Dataset items:

(* Let $\mathcal{P}$ be one of the following three point sets in $\mathbb{R}^3$ (the vertices of a regular tetrahedron, of a regular octahedron, or of a cube, all centred at the origin): (a) $q_1=(1,1,1)$, $q_2=(-1,-1,1)$, $q_3=(-1,1,-1)$, $q_4=(1,-1,-1)$ $(n=4)$; (b) $q_1=(1,0,0)$, $q_2=(-1,0,0)$, $q_3=(0,1,0)$, $q_4=(0,-1,0)$, $q_5=(0,0,1)$, $q_6=(0,0,-1)$ $(n=6)$; (c) the eight points $q_1,\dots,q_8$ of the form $(\pm1,\pm1,\pm1)$ $(n=8)$. For $t\in(0,1)$ consider the configuration of $2n$ points $q_1,\dots,q_n,q_{n+1}=tq_1,\dots,q_{2n}=tq_n$ (two nested homothetic copies of the same polyhedron with ratio of edges $t$). Then in each of the three cases there exists $\delta\in(0,1)$ such that: for every $t\in(0,\delta)$ there exist positive masses $m_1,\dots,m_{2n}$ for which this configuration is a central configuration, and for every $t\in(\delta,1)$ there are no positive masses $m_1,\dots,m_{2n}$ for which this configuration is a central configuration.
   Context: A configuration $q=(q_1,\dots,q_N)$ of distinct points $q_i\in\mathbb{R}^3$ with masses $m_1,\dots,m_N$ is called a central configuration if there exists a constant $c\in\mathbb{R}$ such that $\sum_{j\neq i} m_j\left(\frac{1}{|q_j-q_i|^3}-c\right)(q_j-q_i)=0$ for all $i=1,\dots,N$. (For nonzero total mass this is equivalent to the existence of $\lambda\in\mathbb{R}$ with $-\lambda(q_i-q_0)=\sum_{j\neq i}m_j\frac{q_j-q_i}{|q_j-q_i|^3}$ for all $i$, where $q_0$ is the center of mass.) *)

From HB Require Import structures.
From mathcomp Require Import all_boot all_order all_algebra.
From mathcomp Require Import reals.
Set Implicit Arguments. Unset Strict Implicit. Unset Printing Implicit Defensive.
Import Order.TTheory GRing.Theory Num.Theory.
Local Open Scope ring_scope.

Section Defs.
Variable R : realType.

Definition dist3 (x y : 'rV[R]_3) : R :=
  Num.sqrt (\sum_(k < 3) (x ord0 k - y ord0 k) ^+ 2).

Definition central_config (N : nat) (q : 'I_N -> 'rV[R]_3) (m : 'I_N -> R) : Prop :=
  injective q /\
  exists c : R, forall i : 'I_N,
    \sum_(j < N | j != i) (m j * ((dist3 (q j) (q i)) ^- 3 - c)) *: (q j - q i) = 0.

Definition vec3 (a b c : R) : 'rV[R]_3 := \row_(k < 3) [:: a; b; c]`_k.

Definition tetra (i : 'I_4) : 'rV[R]_3 :=
  nth 0 [:: vec3 1 1 1; vec3 (-1) (-1) 1; vec3 (-1) 1 (-1); vec3 1 (-1) (-1)] i.

Definition octa (i : 'I_6) : 'rV[R]_3 :=
  nth 0 [:: vec3 1 0 0; vec3 (-1) 0 0; vec3 0 1 0; vec3 0 (-1) 0;
            vec3 0 0 1; vec3 0 0 (-1)] i.

Definition cube (i : 'I_8) : 'rV[R]_3 :=
  nth 0 [:: vec3 1 1 1; vec3 1 1 (-1); vec3 1 (-1) 1; vec3 1 (-1) (-1);
            vec3 (-1) 1 1; vec3 (-1) 1 (-1); vec3 (-1) (-1) 1;
            vec3 (-1) (-1) (-1)] i.

Definition nested (n : nat) (P : 'I_n -> 'rV[R]_3) (t : R) (i : 'I_(n + n)) : 'rV[R]_3 :=
  match split i with
  | inl j => P j
  | inr j => t *: P j
  end.

Definition cc_with_positive_masses (n : nat) (P : 'I_n -> 'rV[R]_3) (t : R) : Prop :=
  exists m : 'I_(n + n) -> R, (forall i, 0 < m i) /\ central_config (nested P t) m.

Definition threshold_property (n : nat) (P : 'I_n -> 'rV[R]_3) : Prop :=
  exists delta : R, 0 < delta < 1 /\
    (forall t : R, 0 < t < delta -> cc_with_positive_masses P t) /\
    (forall t : R, delta < t < 1 -> ~ cc_with_positive_masses P t).

End Defs.

From mathcomp Require Import all_boot all_order all_algebra.
From mathcomp Require Import reals.
From mathcomp Require Import classical_sets functions topology normedtype derive realfun.
From mathcomp.algebra_tactics Require Import ring lra.
Set Implicit Arguments. Unset Strict Implicit. Unset Printing Implicit Defensive.
Import Order.TTheory GRing.Theory Num.Theory.
Import numFieldNormedType.Exports.
Local Open Scope ring_scope.

(* Let the outer vertices be P_k with |P_k|^2 = r, and let F(q) denote the
   left-hand side of the central configuration equation at q. Symmetry makes
   every F(P_i) and F(t P_i) parallel to P_i when the masses are constant on
   each shell, so for masses 1 (outer) and mu (inner) the equations reduce to
   two scalar equations, affine in c. Eliminating c, they are solvable iff
   mu = - alpha(t) / (t gamma(t)), with explicit functions alpha and gamma.
   Conversely, for arbitrary masses m_j (outer) and m'_j (inner), c cancels in
   sum_i (t <F(P_i), P_i> - <F(t P_i), P_i>) = sum_j (m_j alpha(t) + m'_j t gamma(t)),
   so no positive masses exist when alpha(t) and gamma(t) are both negative.
   Finally alpha(0) = 0 and alpha' < 0 on (0, 1), while gamma is strictly
   decreasing, positive at 1/10 and negative at 9/10; delta is its sign change. *)

Section Dot.
Variable R : realType.
Implicit Types x y z : 'rV[R]_3.

Definition dotv x y : R := \sum_(l < 3) x ord0 l * y ord0 l.

Ltac dotvE := rewrite /dotv ?big_ord_recr ?big_ord0 /= ?mxE.

Lemma dotvC x y : dotv x y = dotv y x.
Proof. by dotvE; ring. Qed.

Lemma dotvDl x y z : dotv (x + y) z = dotv x z + dotv y z.
Proof. by dotvE; ring. Qed.

Lemma dotvDr x y z : dotv z (x + y) = dotv z x + dotv z y.
Proof. by dotvE; ring. Qed.

Lemma dotvBl x y z : dotv (x - y) z = dotv x z - dotv y z.
Proof. by dotvE; ring. Qed.

Lemma dotvZl a x z : dotv (a *: x) z = a * dotv x z.
Proof. by dotvE; ring. Qed.

Lemma dotvZr a x z : dotv z (a *: x) = a * dotv z x.
Proof. by dotvE; ring. Qed.

Lemma dotv0l z : dotv 0 z = 0.
Proof. by dotvE; ring. Qed.

Lemma dotvv_ge0 x : 0 <= dotv x x.
Proof. by apply: sumr_ge0 => l _; rewrite -expr2 sqr_ge0. Qed.
(* Let $\mathbf b\in\mathcal B$ and $u\in M$ with $u-\mathbf b\in\mathbb Z A_+$, and write $\mathbf b=\sum_{j=1}^mv_j\mathbf a_j$ with $v_j\in[0,1)$. Let $s_0\in\{0,1,\dots,\ell_0-1\}$ be the unique element with $u+s_0\mathbf a_0\equiv\mathbf b\pmod{\mathbb ZA}$ and let $s_1,\dots,s_m\in\mathbb Z$ be the unique integers with $u+s_0\mathbf a_0=\mathbf b-\sum_{j=1}^ms_j\mathbf a_j$. Then \[G^{(\mathbf b)}_u(\lambda)=\Big(\prod_{j=1}^m[-v_j]_{s_j}\prod_{j=1}^m\ell_j^{s_j}\Big)\frac{(-\ell_0)^{s_0}}{s_0!}F^{(\mathbf b)}_u(\lambda),\] where \[F^{(\mathbf b)}_u(\lambda)=\lambda^{s_0}\sum_{s=0}^\infty\frac{\prod_{j=1}^m\prod_{\sigma=0}^{\ell_j-1}\big(\frac{v_j-s_j+\sigma}{\ell_j}\big)_s}{\prod_{t=1}^{\ell_0}\big(\frac{s_0+t}{\ell_0}\big)_s}\lambda^{s\ell_0}.\]
   Context: Let $A=\{\mathbf a_1,\dots,\mathbf a_m\}\subseteq\mathbb Z^n$ be linearly independent over $\mathbb R$, $\mathbf a_0\in\mathbb Z^n$, and $\ell_0,\ell_1,\dots,\ell_m$ positive integers with gcd $1$ such that $\ell_0\mathbf a_0=\sum_{j=1}^m\ell_j\mathbf a_j$ and $\ell_0=\sum_{j=1}^m\ell_j$. Put $A_+=A\cup\{\mathbf a_0\}$; $\mathbb ZA$ and $\mathbb ZA_+$ denote the subgroups of $\mathbb Z^n$ generated by $A$, $A_+$. Let $V$ be the real span of $A$, $V_{\mathbb Z}=V\cap\mathbb Z^n$, $C(A)$ the closed real cone generated by $A$, $M=V_{\mathbb Z}\cap C(A)$. Let $P(A)=\{\sum_jc_j\mathbf a_j:0\le c_j<1\}$ and $\mathcal B=V_{\mathbb Z}\cap P(A)$. Pochhammer symbol: $(a)_s=a(a+1)\cdots(a+s-1)$, $(a)_0=1$. For $z\in\mathbb C$, $l\in\mathbb Z$: $[z]_0=1$, $[z]_l=1/((z+1)\cdots(z+l))$ for $l>0$, $[z]_l=z(z-1)\cdots(z+l+1)$ for $l<0$. For $\mathbf b=\sum_jv_j\mathbf a_j\in\mathcal B$ ($v_j\in[0,1)$) and $u\in M$, let $g^{(\mathbf b)}_u=\prod_{j=1}^m[-v_j]_{s_j}\ell_j^{s_j}$ if $u=\sum_j(v_j-s_j)\mathbf a_j$ with all $s_j\in\mathbb Z_{\le0}$, and $g^{(\mathbf b)}_u=0$ otherwise; and $G^{(\mathbf b)}_u(\lambda)=\sum_{s\ge0}g^{(\mathbf b)}_{u+s\mathbf a_0}\frac{(-\ell_0\lambda)^s}{s!}\in\mathbb C[[\lambda]]$. *)

From HB Require Import structures.
From mathcomp Require Import all_boot all_order all_algebra.
From mathcomp Require Import boolp reals.
Set Implicit Arguments. Unset Strict Implicit. Unset Printing Implicit Defensive.
Import Order.TTheory GRing.Theory Num.Theory.
Local Open Scope ring_scope.
Lemma same_key_same_cell t t' p q : In p grid -> In q grid ->
  on_curve t t' p = true -> on_curve t t' q = true ->
  curve_key t t' p = curve_key t t' q -> same_cell p q = true.
Proof.
  destruct p as [x x'], q as [y y']. unfold grid, same_cell. simpl.
  intros Hp Hq Cp Cq K.
  apply in_prod_iff in Hp as [Hx Hx']. apply in_prod_iff in Hq as [Hy Hy'].
  apply on_curve_true in Cp, Cq.
  destruct (Rle_dec x y) as [Hxy|Hxy].
  - destruct (same_key_same_blocks_le t t' x x' y y') as [-> ->]; auto.
    rewrite !Nat.eqb_refl. reflexivity.
  - destruct (same_key_same_blocks_le t t' y y' x x') as [-> ->]; auto; [lra|].
    rewrite !Nat.eqb_refl. reflexivity.
Qed.

Definition cell_pairs (t t' : R) : nat :=
  lsum (fun p => lsum (fun q => Nat.b2n (on_curve t t' p && on_curve t t' q
    && negb (decb (point_dec p q)) && same_cell p q)) grid) grid.

Lemma curve_count_le_cells t t' : (curve_count t t' <= 8 * nblocks + cell_pairs t t')%nat.
Proof.
  unfold curve_count. rewrite lsum_b2n.
  set (G := filter (on_curve t t') grid).
  set (keys := list_prod (list_prod [0%nat; 1%nat] [0%nat; 1%nat]) (seq 0 (2 * nblocks))).
  assert (HG : NoDup G) by (apply NoDup_filter, NoDup_list_prod; auto).
  assert (HK : forall p, In p G -> In (curve_key t t' p) keys).
  { intros [x x'] Hp. apply filter_In in Hp as [Hp _]. unfold grid in Hp.
    apply in_prod_iff in Hp as [Hx Hx']. unfold curve_key, keys.
    apply in_prod_iff; split.
    - apply in_prod_iff; split; unfold branch; destruct Rle_dec; simpl; auto.
    - apply in_seq. pose proof (block_lt S r Hr x Hx). pose proof (block_lt S r Hr x' Hx').
      unfold nblocks. destruct Nat.eq_dec; lia. }
  pose proof (length_le_key_range_add_collisions _ _ point_dec key_dec (curve_key t t') G keys HG HK)
    as KB.
  assert (Hkeys : length keys = (8 * nblocks)%nat)
    by (unfold keys; rewrite !length_prod, length_seq; simpl; lia).
  rewrite Hkeys in KB. eapply Nat.le_trans; [apply KB|]. apply Nat.add_le_mono_l.
  unfold key_collisions, G, cell_pairs. rewrite lsum_filter. apply lsum_le. intros p Hp.
  rewrite lsum_filter. destruct (on_curve t t' p) eqn:Cp; simpl; [|lia].
  rewrite Nat.add_0_r. apply lsum_le. intros q Hq.
  destruct (on_curve t t' q) eqn:Cq; simpl; [|lia].
  destruct (point_dec p q); simpl; [lia|].
  unfold decb at 1. destruct (key_dec (curve_key t t' p) (curve_key t t' q)) as [e|e]; simpl; [|lia].
  rewrite (same_key_same_cell t t' p q Hp Hq Cp Cq e). simpl. lia.
Qed.

Lemma curve_count_le_length t t' : (curve_count t t' <= 2 * length S)%nat.
Proof.
  unfold curve_count, grid. rewrite lsum_list_prod, <- lsum_const.
  apply lsum_le. intros s _. apply lsum_b2n_le_2; auto.
  intros a b c _ _ _ Ca Cb Cc Nab Nac Nbc.
  apply on_curve_true in Ca, Cb, Cc. simpl in *. unfold F, qform in *.
  apply (quadratic_no_three_roots A (-2*C*t') (B*t'^2 - (A*s^2 - 2*C*s*t + B*t^2)) a b c); auto; lra.
Qed.

Lemma degenerate_partners_le_2 t : (lsum (fun t' => Nat.b2n (degenerate t t')) T <= 2)%nat.
Proof.
  apply lsum_b2n_le_2; auto. intros a b c _ _ _ Ca Cb Cc Nab Nac Nbc.
  unfold degenerate in Ca, Cb, Cc. apply decb_true in Ca, Cb, Cc.
  apply (quadratic_no_three_roots 1 0 (-(t^2)) a b c); auto; lra.
Qed.

Lemma curves_through_two_points_le_2 p q : p <> q ->
  (lsum (fun t => lsum (fun t' =>
     Nat.b2n (negb (degenerate t t') && on_curve t t' p && on_curve t t' q)) T) T <= 2)%nat.
Proof.
  intros Hpq.
  rewrite <- (lsum_list_prod (fun u => Nat.b2n (negb (degenerate (fst u) (snd u))
    && on_curve (fst u) (snd u) p && on_curve (fst u) (snd u) q))).
  apply lsum_b2n_le_2; [apply NoDup_list_prod; auto|].
  intros [t1 t1'] [t2 t2'] [t3 t3'] _ _ _ G1 G2 G3 N12 N13 N23. simpl in *.
  apply andb_prop in G1 as [G1 G1q], G2 as [G2 G2q], G3 as [G3 G3q].
  apply andb_prop in G1 as [D1 G1p], G2 as [_ G2p], G3 as [_ G3p].
  apply on_curve_true in G1p, G1q, G2p, G2q, G3p, G3q.
  destruct p as [x x'], q as [y y']. simpl in *.
  apply (two_points_on_two_curves A B C HA HB HC HD x x' y y' t1 t1' t2 t2' t3 t3'); auto.
  intros E. unfold degenerate, decb in D1. destruct Req_EM_T; easy.
Qed.

Lemma same_cell_count_le p : (lsum (fun q => Nat.b2n (same_cell p q)) grid <= r * r)%nat.
Proof.
  unfold grid, same_cell. rewrite lsum_list_prod.
  eapply Nat.le_trans; [|apply Nat.mul_le_mono_r, (block_size S r HS Hr (block S r (fst p)))].
  rewrite Nat.mul_comm, <- lsum_mul_l. apply lsum_le. intros a _. simpl.
  rewrite (lsum_ext _ (fun b => Nat.b2n (Nat.eqb (block S r a) (block S r (fst p)))
                               * Nat.b2n (Nat.eqb (block S r b) (block S r (snd p))))%nat).
  2:{ intros b _. rewrite b2n_andb, (Nat.eqb_sym (block S r (fst p))), (Nat.eqb_sym (block S r (snd p))).
      reflexivity. }
  rewrite lsum_mul_l. pose proof (block_size S r HS Hr (block S r (snd p))). nia.
Qed.

Lemma degenerate_energy_le :
  (lsum (fun t => lsum (fun t' => Nat.b2n (degenerate t t') * curve_count t t') T) T
     <= 4 * length S * length T)%nat.
Proof.
  transitivity (lsum (fun _ => 4 * length S)%nat T); [|rewrite lsum_const; lia].
  apply lsum_le. intros t _.
  transitivity (lsum (fun t' => 2 * length S * Nat.b2n (degenerate t t'))%nat T).
  - apply lsum_le. intros t' _. pose proof (curve_count_le_length t t').
    destruct (degenerate t t'); simpl; lia.
  - rewrite lsum_mul_l. pose proof (degenerate_partners_le_2 t). nia.
Qed.

Lemma cell_pair_incidences_le p q :
  (lsum (fun t => lsum (fun t' => Nat.b2n (negb (degenerate t t') && on_curve t t' p
     && on_curve t t' q && negb (decb (point_dec p q)) && same_cell p q)) T) T
   <= 2 * Nat.b2n (same_cell p q))%nat.
Proof.
  destruct (point_dec p q) as [e|e], (same_cell p q) eqn:Ec; simpl;
    try (rewrite lsum_eq0; [lia|]; intros t _; apply lsum_eq0; intros t' _;
         rewrite ?andb_false_r; reflexivity).
  eapply Nat.le_trans; [|apply (curves_through_two_points_le_2 p q e)].
  apply lsum_le; intros t _; apply lsum_le; intros t' _. rewrite !andb_true_r. lia.
Qed.

Lemma nondegenerate_energy_le :
  (lsum (fun t => lsum (fun t' => Nat.b2n (negb (degenerate t t')) * curve_count t t') T) T
     <= 8 * nblocks * (length T * length T) + 2 * (length S * length S * (r * r)))%nat.
Proof.
  set (inc := fun t t' p q => Nat.b2n (negb (degenerate t t') && on_curve t t' p
     && on_curve t t' q && negb (decb (point_dec p q)) && same_cell p q)).
  transitivity (lsum (fun t => lsum (fun t' => 8 * nblocks
     + lsum (fun p => lsum (inc t t' p) grid) grid) T) T)%nat.
  { apply lsum_le; intros t _; apply lsum_le; intros t' _.
    pose proof (curve_count_le_cells t t') as Hc. unfold cell_pairs in Hc.
    unfold inc. destruct (degenerate t t'); simpl; lia. }
  rewrite (lsum_ext _ (fun t => lsum (fun _ => 8 * nblocks) T
     + lsum (fun t' => lsum (fun p => lsum (inc t t' p) grid) grid) T)%nat)
    by (intros; apply lsum_add).
  rewrite lsum_add, lsum_comm4.
  apply Nat.add_le_mono.
  { rewrite (lsum_ext _ (fun _ => 8 * nblocks * length T)%nat) by (intros; apply lsum_const).
    rewrite lsum_const. nia. }
  transitivity (lsum (fun p => 2 * (r * r)) grid)%nat.
  - apply lsum_le; intros p _.
    transitivity (lsum (fun q => 2 * Nat.b2n (same_cell p q)) grid)%nat.
    + apply lsum_le; intros q _. apply cell_pair_incidences_le.
    + rewrite lsum_mul_l. pose proof (same_cell_count_le p). lia.
  - rewrite lsum_const. unfold grid. rewrite length_prod. lia.
Qed.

Work item:
Within the records above, determine the number of lines that hold the word "forall" and return only that value.

Reply:
5